Post by starryfish on Jul 29, 2015 10:25:25 GMT -5
I usually post on MM and used to on HF and SO but I thought I would get a bigger audience here.
I was just diagnosed with a rare kidney disease and was wondering if anyone else had one too? You can PM me if you are more comfortable (will probably DD this thread later for privacy reasons).
Post by starryfish on Jul 29, 2015 10:54:12 GMT -5
Thanks. I got the results over the phone Monday and have my appointment tomorrow to learn more. It is a pretty rare disease (and not common in females), so not sure how many people here have it in the area. Luckily I am not at the dialysis phase yet.
Thanks. I got the results over the phone Monday and have my appointment tomorrow to learn more. It is a pretty rare disease (and not common in females), so not sure how many people here have it in the area. Luckily I am not at the dialysis phase yet.
Post by littlesthobo on Jul 29, 2015 11:00:56 GMT -5
I have polycystic kidney disease. I'm sorry. I remember how awful it was when I was diagnosed. Like my own body had betrayed me . Feel free to pm if you'd like.
I'm sorry:( The good thing is the doctors can follow you very closely and hopefully keep everything stabilized. I hope you have a good appointment tomorrow:)
Thanks. I know there is no cure and the treatments don't have a lot of data.

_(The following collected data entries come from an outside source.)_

Lemma addM_iotaM_phi i y y' : inMM y -> inMM y' ->
  addM i (iotaM i y) (iotaM i y') = liftM i (vadd (phi i y) (phi i y')).
Proof. by move=> y_MM y'_MM; rewrite /addM !piM_iotaM. Qed.

Lemma scaleM_iotaM i (j : 'I_r) l y : inMM y ->
  scaleM i l (iotaM j y) = iotaM i (vscale l y).
Proof.
move=> y_MM; rewrite /scaleM piM_iotaM // (@liftM_iotaM i i) ?phi_inv_scale //.
by apply: in_chart_vscale; apply: in_chart_phi.
Qed.

Lemma fab_vadd (ab x x' : V d r) : fab ab (vadd x x') = fab ab x + fab ab x'.
Proof.
rewrite /fab /=.
under eq_bigr => j _ do rewrite ffunE mulrDr.
under [X in _ + X]eq_bigr => k _ do rewrite ffunE mulrDr.
by rewrite !big_split /=; ring.
Qed.

Lemma fab_chart_corr (ab : V d r) c i :
  fab ab (chart_corr c i) = c * (ab.2 i - \sum_j ab.1 j).
Proof.
rewrite /fab /=.
under eq_bigr => j _ do rewrite ffunE mulrN mulrC.
under [X in _ + X]eq_bigr => k _ do rewrite ffunE.
have -> : \sum_k ab.2 k * (if k == i then c else 0) = ab.2 i * c.
  by rewrite (bigD1 i) //= eqxx big1 ?addr0 // => k /negbTE ->; rewrite mulr0.
by rewrite sumrN -mulr_sumr; ring.
Qed.

Lemma fab_vscale (ab x : V d r) l : fab ab (vscale l x) = l%:Z * fab ab x.
Proof.
rewrite /fab mulrDr !mulr_sumr.
by congr (_ + _); apply: eq_bigr => j _; rewrite ffunE mulrCA.
Qed.

End Lattice.

Section Points.

Variables d r : nat.
Hypothesis d_gt0 : (0 < d)%N.
Implicit Types (i : 'I_r) (y : V d r).

Lemma inMM_of_ge0 (u : {ffun 'I_d -> int}) (w : {ffun 'I_r -> int}) j0 :
  (forall j, 0 <= u j) -> u j0 = 0 -> inMM ((u, w) : V d r).
Proof. by move=> u_ge0 uj0; rewrite /inMM (minf_eq uj0 u_ge0). Qed.

Lemma inMM_w (w : {ffun 'I_r -> int}) : inMM ((ffun0 d, w) : V d r).
Proof. by apply: (@inMM_of_ge0 _ _ (Ordinal d_gt0)) => [j|]; rewrite ffunE. Qed.

Lemma vadd_update_u (u : {ffun 'I_d -> int}) (w : {ffun 'I_r -> int}) k s : u k = 0 ->
  (([ffun j => if j == k then s else u j], w) : V d r) = vadd (u, w) (sing k s, ffun0 r).
Proof.
move=> uk0; congr (_, _); apply/ffunP => j; rewrite !ffunE ?addr0 //.
by case: eqP => [->|]; rewrite ?uk0 ?add0r ?addr0.
Qed.
(* Fix $i$. Suppose the following hold. (C1) $\varepsilon_{it}=g_i(\mathcal{F}_{it})$ with $\mathcal{F}_{it}=(\dots,\eta_{i,t-1},\eta_{it})$, $\eta_{it}$ i.i.d. across $t$, $g_i$ measurable, $\mathbb{E}[\varepsilon_{it}]=0$ and $\|\varepsilon_{it}\|_q\le C<\infty$ for some $q>4$. (C3) $\sum_{s\ge0}\delta_q(g_i,s)<\infty$ and $\sum_{s\ge t}\delta_q(g_i,s)=O(t^{-\gamma}(\log t)^{-A})$ with $A>\frac23(1/q+1+\gamma)$ and $\gamma=\{q^2-4+(q-2)\sqrt{q^2+20q+4}\}/(8q)$. (C4) For $1\le j\le d$, $X_{it,j}=h_{ij}(\mathcal{G}_{it,j})$ with $\mathcal{G}_{it,j}=(\dots,\xi_{i,t-1,j},\xi_{it,j})$, $\xi_{it,j}$ i.i.d. across $t$, $h_{ij}$ measurable, $\mathbb{E}[X_{it,j}]=0$ and $\|X_{it,j}\|_{q'}<\infty$, where $q'>\max\{4,\theta q\}$ for a fixed constant $\theta>0$. (C6) For all $j$, $\sum_{s\ge0}\delta_{q'}(h_{ij},s)<\infty$ and $\sum_{s\ge t}\delta_{q'}(h_{ij},s)=O(t^{-\alpha})$ for some $\alpha>1/2-1/q'$. Define $\mathbf{a}_i(\mathcal{H}_{it})=\Delta\mathbf{X}_{it}\Delta\varepsilon_{it}$ with components $a_{ij}$, and $\mathbf{b}_i(\mathcal{G}_{it})=\Delta\mathbf{X}_{it}\Delta\mathbf{X}_{it}^\top$ with entries $b_{ikl}$, where $\Delta\mathbf{X}_{it}=\mathbf{X}_{it}-\mathbf{X}_{i,t-1}$ and $\Delta\varepsilon_{it}=\varepsilon_{it}-\varepsilon_{i,t-1}$. Then for all $j,k,l\in\{1,\dots,d\}$: \[ \sum_{s=t}^\infty\delta_p(a_{ij},s)=O(t^{-\alpha_1})\ \text{for } p=\min\{q,q'\}/2 \text{ and some } \alpha_1>1/2-1/p, \] \[ \sum_{s=t}^\infty\delta_p(b_{ikl},s)=O(t^{-\alpha_2})\ \text{for } p=q'/2 \text{ and some } \alpha_2>1/2-1/p. \]
   Context: Physical dependence measure: for i.i.d. innovations $\zeta_t$, $\mathcal{F}_t=(\dots,\zeta_{t-1},\zeta_t)$ and measurable $g$, $\delta_q(g,t)=\|g(\mathcal{F}_t)-g(\mathcal{F}_t')\|_q$, where $\mathcal{F}_t'$ is $\mathcal{F}_t$ with $\zeta_0$ replaced by an independent copy $\zeta_0'$; $\|V\|_q=(\mathbb{E}|V|^q)^{1/q}$. The component $a_{ij}$ is regarded as a function of $\mathcal{H}_{it,j}=(\dots,\nu_{i,t-1,j},\nu_{it,j})$ with joint innovations $\nu_{it,j}=(\eta_{it},\xi_{it,j})$, and $b_{ikl}$ as a function of $\mathcal{G}_{it}=(\mathcal{G}_{it,1},\dots,\mathcal{G}_{it,d})$; their physical dependence measures are computed with respect to these innovation sequences (replacing the time-$0$ innovation by an independent copy). *)

From HB Require Import structures.
From mathcomp Require Import all_boot all_order all_algebra.
From mathcomp Require Import all_classical all_reals all_analysis.
Set Implicit Arguments. Unset Strict Implicit. Unset Printing Implicit Defensive.
Import Order.TTheory GRing.Theory Num.Theory.
Import numFieldNormedType.Exports.
Local Open Scope classical_set_scope.
Local Open Scope ring_scope.

Definition mutually_independent {d d'} {Omega : measurableType d}
  {U : measurableType d'} {R : realType} (P : probability Omega R)
  {I : eqType} (X : I -> Omega -> U) : Prop :=
  (forall i, measurable_fun setT (X i)) /\
  forall (J : seq I) (B : I -> set U), uniq J -> (forall i, measurable (B i)) ->
    P (\big[setI/setT]_(i <- J) (X i @^-1` B i)) =
    (\prod_(i <- J) P (X i @^-1` B i))%E.

Definition identically_distributed {d d'} {Omega : measurableType d}
  {U : measurableType d'} {R : realType} (P : probability Omega R)
  {I : Type} (X : I -> Omega -> U) : Prop :=
  forall i j (B : set U), measurable B -> P (X i @^-1` B) = P (X j @^-1` B).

I know I have a more severe case but I find out how severe tomorrow.
I already have a second opinion scheduled as well by another doctor to make sure they agree on treatment
Post by kimibrighteyes on Jul 29, 2015 13:38:23 GMT -5
I'm sorry you are going through this. Hopefully yours will not progress quickly. It is actually not rare though - you may be able to find a support group if you are interested. Good luck
I don't have kidney disease myself but I work in a related field. Take a look at Nephcure. They're a patient advocacy and fundraising group for nephrotic syndrome (which i believe you fall under) that also links to research studies. Nephcure also does regional lunch and learns, and support group/meet ups.
I'm sorry you are going through this. Hopefully yours will not progress quickly. It is actually not rare though - you may be able to find a support group if you are interested. Good luck
I know it can affect more people, but they are different sub types and mine is more severe. I find out tomorrow how severe it is.